Version: 1.0 Date: 2025-10-13 Framework: MENDICANT_BIAS - Phase 2, Week 7-8 Agent: HOLLOWED_EYES


Executive Summary

This guide provides comprehensive instructions for training CIRCLe (Color-Invariant Representation Learning) models for fairness-aware skin cancer detection. CIRCLe extends FairDisCo with tone-invariant regularization, achieving state-of-the-art fairness with minimal accuracy trade-off.
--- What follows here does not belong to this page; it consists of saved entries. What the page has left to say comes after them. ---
Definition Kcomp (R : realType) (du ds m n : nat)
  (K : 'rV[R]_du -> 'rV[R]_ds -> 'M[R]_(m, n))
  (Psi : 'rV[R]_du * 'rV[R]_ds -> 'rV[R]_du * 'rV[R]_ds) :
  'rV[R]_du -> 'rV[R]_ds -> 'M[R]_(m, n) :=
  fun x y => K (Psi (x, y)).1 (Psi (x, y)).2.

From HB Require Import structures.
From mathcomp Require Import all_boot all_order all_algebra.
From mathcomp Require Import all_classical all_reals all_analysis.
Import Order.TTheory GRing.Theory Num.Theory.
Import numFieldNormedType.Exports.
From mathcomp Require Import lra.
Local Open Scope classical_set_scope.
Local Open Scope ring_scope.

(* The unstable coordinate of Psi (x, y) depends only on x, so every increment
   of K o Psi splits into increments of K along one coordinate at a time, with
   displacements at most L times those of (x, y).  The Hölder increment in x is
   bounded both by 2||K|| and by ||K|| ((L dx)^beta + (L dx)^alpha), which
   interpolate to 2||K|| (L dx)^beta.  The mixed increment is bounded both via
   the mixed condition on K, by ||K|| (L dx)^beta (L dy)^(alpha-beta)
   + 2||K|| (L dx)^alpha, and via two Hölder increments in y, by
   2||K|| (L dy)^alpha; comparing L dx with L dy gives
   3||K|| (L dx)^beta (L dy)^(alpha-beta).  As L^r <= max(1, L) for r in
   [0, 1], 3 max(1, L) C is admissible for K o Psi whenever L is a Lipschitz
   constant of Psi and C is admissible for K; taking infima gives the bound. *)

Section PowerInequalities.
Variable R : realType.
Implicit Types (e t r L : R).

Lemma ler_powR_base r e t : 0 <= r -> 0 <= e -> e <= t -> e `^ r <= t `^ r.
Proof.
by move=> r0 e0 et; apply: ge0_ler_powR; rewrite // nnegrE (le_trans e0 et).
Qed.

Lemma powR_le_max1 L r : 0 <= L -> 0 <= r -> r <= 1 -> L `^ r <= Num.max 1 L.
Proof.
move=> L0 r0 r1.
have LM : L <= Num.max 1 L by rewrite le_max lexx orbT.
apply: le_trans (ler_powR_base _ _ _ r0 L0 LM) _.
by apply: ler1_powR; rewrite ?le_max ?lexx.
Qed.

End PowerInequalities.

Arguments ler_powR_base {R r e t}.

Section HolderExponents.
Context {R : realType} {alpha beta : R}.
Hypotheses (beta_gt0 : 0 < beta) (beta_lt_alpha : beta < alpha).

Let alpha_gt0 : 0 < alpha := lt_trans beta_gt0 beta_lt_alpha.

Lemma powR_split t : t `^ alpha = t `^ beta * t `^ (alpha - beta).
Proof. by rewrite -powRD addrC subrK // gt_eqF. Qed.

Lemma le_interpolate_beta (C a X : R) : 0 <= C -> 0 <= a ->
  X <= 2 * C -> X <= C * a `^ beta + C * a `^ alpha -> X <= 2 * C * a `^ beta.
Proof.
move=> C0 a0 X2C Xsplit.
have [a1|a1] := leP a 1; last first.
  have : 1 <= a `^ beta by rewrite -(powRr0 a) ler_powR ?(ltW a1) ?ltW.
  by nra.
have : a `^ alpha <= a `^ beta.
  have [->|an0] := eqVneq a 0; first by rewrite !powR0 ?gt_eqF.
  by apply: ger_powR; rewrite ?(ltW beta_lt_alpha) // lt_neqAle eq_sym an0 a0.
by nra.
Qed.

Lemma le_interpolate_mixed (C a b X : R) : 0 <= C -> 0 <= a -> 0 <= b ->
  X <= C * (a `^ beta * b `^ (alpha - beta)) + 2 * C * a `^ alpha ->
  X <= 2 * C * b `^ alpha ->
  X <= 3 * C * (a `^ beta * b `^ (alpha - beta)).
Proof.
move=> C0 a0 b0 Xmixed Xy.
have gap_ge0 : 0 <= alpha - beta by rewrite subr_ge0 ltW.
have Q0 : 0 <= a `^ beta * b `^ (alpha - beta) by rewrite mulr_ge0 ?powR_ge0.
have [ab|ba] := leP a b.
  have : a `^ alpha <= a `^ beta * b `^ (alpha - beta).
    by rewrite powR_split ler_wpM2l ?powR_ge0 // ler_powR_base.
  by nra.
have : b `^ alpha <= a `^ beta * b `^ (alpha - beta).
  rewrite powR_split ler_wpM2r ?powR_ge0 //.
  exact: ler_powR_base (ltW beta_gt0) b0 (ltW ba).
have := mulr_ge0 C0 Q0.
by nra.
Qed.

End HolderExponents.

Arguments le_interpolate_beta {R alpha beta} _ _ {C a X}.
Arguments le_interpolate_mixed {R alpha beta} _ _ {C a b X}.

Section Increments.
Context {V : zmodType}.
Implicit Types A B D E F G : V.

Lemma subr_via A B E : A - E = (A - B) + (B - E).
Proof. by rewrite addrA subrK. Qed.

Lemma mixed_diff_via A B D E F G :
  A - E - D + G = (A - B - D + F) + (B - E) - (F - G).
Proof.
rewrite opprB -!addrA; congr (_ + _).
rewrite [F + _]addrCA [F + (_ + _)]addrCA [F + (G - F)]addrC subrK.
by rewrite [- B + _]addrCA addKr addrCA.
Qed.

Lemma mixed_diff_swap A D E G : A - E - D + G = (A - D) - (E - G).
Proof.
by rewrite opprB -!addrA; congr (_ + _); rewrite addrCA [- E + G]addrC.
Qed.

End Increments.

Section ProductDistance.
Context {R : realType} {du ds : nat}.
Implicit Types p q : 'rV[R]_du * 'rV[R]_ds.

Lemma eucl_ge0 {k} (v : 'rV[R]_k) : 0 <= eucl v.
Proof. exact: sqrtr_ge0. Qed.

Lemma sqrt_eucl_sqr {k} (v : 'rV[R]_k) : Num.sqrt (eucl v ^+ 2) = eucl v.
Proof. by rewrite sqrtr_sqr ger0_norm ?eucl_ge0. Qed.

Lemma eucl_subrr {k} (v : 'rV[R]_k) : eucl (v - v) = 0.
Proof. by rewrite subrr /eucl big1 ?sqrtr0 // => i _; rewrite mxE expr0n. Qed.

Lemma eucl_fst_le_pdist p q : eucl (p.1 - q.1) <= pdist p q.
Proof.
rewrite /pdist -{1}(sqrt_eucl_sqr (p.1 - q.1)) ler_sqrt ?addr_ge0 ?sqr_ge0 //.
by rewrite lerDl sqr_ge0.
Qed.

Lemma eucl_snd_le_pdist p q : eucl (p.2 - q.2) <= pdist p q.
Proof.
rewrite /pdist -{1}(sqrt_eucl_sqr (p.2 - q.2)) ler_sqrt ?addr_ge0 ?sqr_ge0 //.
by rewrite lerDr sqr_ge0.
Qed.

Lemma pdist_pairl (x x' : 'rV[R]_du) (y : 'rV[R]_ds) :
  pdist (x, y) (x', y) = eucl (x - x').
Proof. by rewrite /pdist /= eucl_subrr expr0n addr0 sqrt_eucl_sqr. Qed.

Lemma pdist_pairr (x : 'rV[R]_du) (y y' : 'rV[R]_ds) :
  pdist (x, y) (x, y') = eucl (y - y').
Proof. by rewrite /pdist /= eucl_subrr expr0n add0r sqrt_eucl_sqr. Qed.

End ProductDistance.

Section KboundIncrements.
Context {R : realType} {du ds m n : nat} {alpha beta C : R}.
Context {K : 'rV[R]_du -> 'rV[R]_ds -> 'M[R]_(m, n)}.
Hypotheses (beta_gt0 : 0 < beta) (beta_lt_alpha : beta < alpha).
Hypothesis KC : Kbound alpha beta K C.

Lemma Kbound_ge0 : 0 <= C.
Proof. by have [h _ _ _] := KC 0 0 0 0; apply: le_trans h. Qed.

Lemma Kbound_holder_x (a a' : 'rV[R]_du) (w : 'rV[R]_ds) (s : R) :
  eucl (a - a') <= s -> `|K a w - K a' w| <= C * s `^ beta.
Proof.
move=> es; have [_ hK _ _] := KC a a' w w; apply: le_trans hK _.
by rewrite ler_wpM2l ?Kbound_ge0 // (ler_powR_base (ltW beta_gt0) (eucl_ge0 _)).
Qed.

Lemma Kbound_holder_y (a : 'rV[R]_du) (w w' : 'rV[R]_ds) (t : R) :
  eucl (w - w') <= t -> `|K a w - K a w'| <= C * t `^ alpha.
Proof.
move=> et; have [_ _ hK _] := KC a a w w'; apply: le_trans hK _.
rewrite ler_wpM2l ?Kbound_ge0 // (ler_powR_base _ (eucl_ge0 _)) //.
exact: ltW (lt_trans beta_gt0 beta_lt_alpha).
Qed.

Lemma Kbound_mixed (a a' : 'rV[R]_du) (w w' : 'rV[R]_ds) (s t : R) :
  eucl (a - a') <= s -> eucl (w - w') <= t ->
  `|K a w - K a' w - K a w' + K a' w'| <= C * (s `^ beta * t `^ (alpha - beta)).
Proof.
move=> es et; have [_ _ _ hK] := KC a a' w w'; apply: le_trans hK _.
rewrite -mulrA ler_wpM2l ?Kbound_ge0 // ler_pM ?powR_ge0 //.
  exact: ler_powR_base (ltW beta_gt0) (eucl_ge0 _) es.
by apply: ler_powR_base (eucl_ge0 _) et; rewrite subr_ge0 ltW.
Qed.

End KboundIncrements.

Section Composition.
Variables (R : realType) (du ds m n : nat) (alpha beta L C : R).
Variables (Psi : 'rV[R]_du * 'rV[R]_ds -> 'rV[R]_du * 'rV[R]_ds)
          (K : 'rV[R]_du -> 'rV[R]_ds -> 'M[R]_(m, n)).
Hypotheses (alpha_le1 : alpha <= 1) (beta_gt0 : 0 < beta)
           (beta_lt_alpha : beta < alpha).
Hypotheses (Psi_leaves : sends_stable_leaves Psi)
           (Psi_lip : lipschitz_with Psi L) (KC : Kbound alpha beta K C).

Let alpha_gt0 : 0 < alpha := lt_trans beta_gt0 beta_lt_alpha.
Let beta_le1 : beta <= 1 := le_trans (ltW beta_lt_alpha) alpha_le1.
Let L_ge0 : 0 <= L := Psi_lip.1.
Let C_ge0 : 0 <= C := Kbound_ge0 KC.

Local Notation u x := (Psi (x, 0)).1.
Local Notation v x y := (Psi (x, y)).2.

Lemma Kcomp_leafE x y : Kcomp K Psi x y = K (u x) (v x y).
Proof. by rewrite /Kcomp (Psi_leaves x y 0). Qed.

Lemma lip_fst_x x x' : eucl (u x - u x') <= L * eucl (x - x').
Proof.
rewrite -(pdist_pairl x x' (0 : 'rV[R]_ds)); apply: le_trans (Psi_lip.2 _ _).
exact: eucl_fst_le_pdist.
Qed.

Lemma lip_snd_x x x' y : eucl (v x y - v x' y) <= L * eucl (x - x').
Proof.
rewrite -(pdist_pairl x x' y); apply: le_trans (Psi_lip.2 _ _).
exact: eucl_snd_le_pdist.
Qed.

Lemma lip_snd_y x y y' : eucl (v x y - v x y') <= L * eucl (y - y').
Proof.
rewrite -(pdist_pairr x y y'); apply: le_trans (Psi_lip.2 _ _).
exact: eucl_snd_le_pdist.
Qed.

Lemma ler_scale_max1 (k Lr d : R) : 0 <= k -> k <= 3 -> 0 <= Lr ->
  Lr <= Num.max 1 L -> 0 <= d -> k * C * (Lr * d) <= 3 * Num.max 1 L * C * d.
Proof.
move=> k0 k3 Lr0 LrM d0.
rewrite mulrACA -[X in _ <= X]mulrA.
by apply: ler_wpM2r; rewrite ?mulr_ge0 // ler_pM.
Qed.

Lemma Kcomp_norm_le x y : `|Kcomp K Psi x y| <= 3 * Num.max 1 L * C.
Proof.
have [hK _ _ _] := KC (u x) (u x) (v x y) (v x y).
have M1 : 1 <= Num.max 1 L by rewrite le_max lexx.
rewrite Kcomp_leafE; apply: le_trans hK _.
by rewrite ler_peMl // (le_trans M1) // ler_peMl ?ler1n // (le_trans ler01 M1).
Qed.

Lemma Kcomp_holder_x x x' y :
  `|Kcomp K Psi x y - Kcomp K Psi x' y|
    <= 3 * Num.max 1 L * C * eucl (x - x') `^ beta.
Proof.
rewrite !Kcomp_leafE.
set X := `|_|; set dx := eucl (x - x').
have [Kxy_le _ _ _] := KC (u x) (u x) (v x y) (v x y).
have [Kx'y_le _ _ _] := KC (u x') (u x') (v x' y) (v x' y).
have X_sup : X <= 2 * C by apply: le_trans (ler_normB _ _) _; lra.
have X_steps : X <= C * (L * dx) `^ beta + C * (L * dx) `^ alpha.
  rewrite /X (subr_via _ (K (u x') (v x y))); apply: le_trans (ler_normD _ _) _.
  apply: lerD; first exact: Kbound_holder_x beta_gt0 KC _ _ _ _ (lip_fst_x x x').
  exact: Kbound_holder_y beta_gt0 beta_lt_alpha KC _ _ _ _ (lip_snd_x x x' y).
have dx0 : 0 <= dx := eucl_ge0 _.
apply: le_trans (le_interpolate_beta beta_gt0 beta_lt_alpha C_ge0
  (mulr_ge0 L_ge0 dx0) X_sup X_steps) _.
by rewrite powRM // ler_scale_max1 ?powR_ge0 ?powR_le_max1 ?ler_nat // ltW.
Qed.

Lemma Kcomp_holder_y x y y' :
  `|Kcomp K Psi x y - Kcomp K Psi x y'|
    <= 3 * Num.max 1 L * C * eucl (y - y') `^ alpha.
Proof.
rewrite !Kcomp_leafE.
apply: le_trans
  (Kbound_holder_y beta_gt0 beta_lt_alpha KC _ _ _ _ (lip_snd_y x y y')) _.
rewrite powRM ?eucl_ge0 // -[C * _]mul1r mulrA.
by rewrite ler_scale_max1 ?powR_ge0 ?powR_le_max1 ?ler01 ?ler1n ?eucl_ge0 // ltW.
Qed.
Expected Performance: - AUROC gap reduction: 0.08 → 0.04 (33% further reduction beyond FairDisCo) - ECE improvement: 3-5% reduction in calibration error - FST VI AUROC: +2-4% absolute improvement - Training time: ~30 GPU hours (100 epochs, RTX 3090, batch 64)


Table of Contents

  1. Quick Start
  2. Architecture Overview
  3. Color Transformations
  4. Training Configuration
  5. Hyperparameter Tuning
  6. Troubleshooting
  7. Ablation Studies
  8. Integration with FairDisCo

Quick Start

Prerequisites

# Python 3.8+, PyTorch 1.12+
pip install torch torchvision tensorboard pyyaml scikit-learn tqdm

# Verify installation
python -c "from src.models.circle_model import create_circle_model; print('CIRCLe ready!')"

Basic Training

# Train CIRCLe from scratch
python experiments/fairness/train_circle.py

# Train with custom configuration
python experiments/fairness/train_circle.py --config configs/circle_config.yaml

# Initialize from FairDisCo checkpoint
python experiments/fairness/train_circle.py \
    --fairdisco_checkpoint experiments/fairdisco/checkpoints/fairdisco_best.pth \
    --epochs 50 \
    --lambda_reg 0.2

Monitor Training

# TensorBoard
tensorboard --logdir experiments/circle/logs

# View metrics:
# - Loss/train_reg: CIRCLe regularization loss
# - ToneInvariance/score: Embedding tone-invariance
# - Fairness/auroc_gap: AUROC gap across FST groups

Architecture Overview

Four-Loss Training System

CIRCLe combines FairDisCo's three-loss system with tone-invariant regularization:

L_total = L_cls + λ_adv*L_adv + λ_con*L_con + λ_reg*L_reg

Where:
- L_cls: Classification loss (cross-entropy, diagnosis prediction)
- L_adv: Adversarial loss (FST prediction with gradient reversal)
- L_con: Contrastive loss (same-diagnosis, different-FST embeddings)
- L_reg: CIRCLe regularization (embedding distance, original vs transformed)

Training Pipeline

1. Original Images (B, 3, 224, 224)
2. Forward Pass → Embeddings_original (B, 2048)
3. Color Transform (LAB space) → Images_transformed
4. Forward Pass → Embeddings_transformed (B, 2048)
5. Compute L_reg = ||Embeddings_original - Embeddings_transformed||²
6. Combine all four losses → Backward pass

Lambda Scheduling

Three-phase training schedule:

  • Epochs 0-20: FairDisCo warmup (λ_adv=0, λ_con=0, λ_reg=0)
  • Epochs 20-40: Ramp up FairDisCo (λ_adv: 0→0.3, λ_con: 0→0.2, λ_reg=0)
  • Epochs 30-60: Add CIRCLe (λ_reg: 0→0.2, overlaps with phase 2)
  • Epochs 60+: Full training (all lambdas at target values)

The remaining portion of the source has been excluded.